What the task requires:
Given the records below, would you repeat exactly the lines that begin at the one containing "From HB Require Import structures." and end at the one containing "Set Implicit Arguments.", inclusive?

Records for this exercise:
(* Assume (A1), (C1) and (D4) hold, let $\hat x$ be the point in (D4), and let $\{(x^k,y^k)\}$ be generated by the LSAAL algorithm described in the context. Then there exists $\varepsilon_0>0$ such that for all positive integers $\tilde k\le k-1$, $$\mathbb{E}\big[\langle y^k,G(\hat x,\xi_k)\rangle\,\big|\,\mathcal{F}_{\tilde k}\big]\le-\varepsilon_0\,\mathbb{E}\big[\|y^k\|\,\big|\,\mathcal{F}_{\tilde k}\big].$$
   Context: $\mathcal{Y}$ is a finite-dimensional Hilbert space, $\mathcal{K}\subset\mathcal{Y}$ a closed convex cone, $\mathcal{K}^\circ=\{v:\langle v,w\rangle\le0\ \forall w\in\mathcal{K}\}$ its polar cone, $\Pi_{\mathcal{K}^\circ}$ the metric projection. $X\subset\mathbb{R}^n$ nonempty convex compact, contained in an open convex set $\mathcal{O}$. $\xi$ random vector supported on $\Xi\subseteq\mathbb{R}^q$; $F:\mathcal{O}\times\Xi\to\mathbb{R}$, $G:\mathcal{O}\times\Xi\to\mathcal{Y}$ smooth in $x$ for each $\xi$, with gradient $\nabla_xF$, derivative $\mathrm{D}_xG$; $f(x)=\mathbb{E}[F(x,\xi)]$, $g(x)=\mathbb{E}[G(x,\xi)]$. (A1) Samples $\xi_1,\xi_2,\dots$ are i.i.d. copies of $\xi$. (C1) $\mathbb{E}[\nabla_xF(x,\xi)]=\nabla f(x)$ and $\mathbb{E}[\mathrm{D}_xG(x,\xi)]=\mathrm{D}g(x)$ for $x\in\mathcal{O}$. (D4) (Slater) There is $\hat x\in\mathrm{int}\,X$ with $g(\hat x)\in\mathrm{int}\,\mathcal{K}$. LSAAL algorithm: $x^1\in X$, $y^1=0$, $\sigma>0$; for $k\ge1$: $l_f^k(x)=F(x^k,\xi_k)+\langle\nabla_xF(x^k,\xi_k),x-x^k\rangle$, $l_g^k(x)=G(x^k,\xi_k)+\mathrm{D}_xG(x^k,\xi_k)(x-x^k)$, $l_\sigma^k(x,y)=l_f^k(x)+\frac{1}{2\sigma}[\|\Pi_{\mathcal{K}^\circ}(y+\sigma l_g^k(x))\|^2-\|y\|^2]$, $x^{k+1}=\mathrm{argmin}_{x\in X}\{l_\sigma^k(x,y^k)+\frac{1}{2\sigma}\|x-x^k\|^2\}$, $y^{k+1}=\Pi_{\mathcal{K}^\circ}(y^k+\sigma l_g^k(x^{k+1}))$. $\mathcal{F}_k$ denotes the $\sigma$-algebra generated by $\xi_1,\dots,\xi_{k-1}$ ($\mathcal{F}_1$ trivial), so that $(x^k,y^k)$ is $\mathcal{F}_k$-measurable. *)

From HB Require Import structures.
From mathcomp Require Import all_boot all_order all_algebra.
From mathcomp Require Import all_classical all_reals all_analysis.
Set Implicit Arguments. Unset Strict Implicit. Unset Printing Implicit Defensive.
Import Order.TTheory GRing.Theory Num.Theory.
Import numFieldNormedType.Exports.
Local Open Scope classical_set_scope.
Local Open Scope ring_scope.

Reply to the exercise:
From HB Require Import structures.
From mathcomp Require Import all_boot all_order all_algebra.
From mathcomp Require Import all_classical all_reals all_analysis.
Set Implicit Arguments. Unset Strict Implicit. Unset Printing Implicit Defensive.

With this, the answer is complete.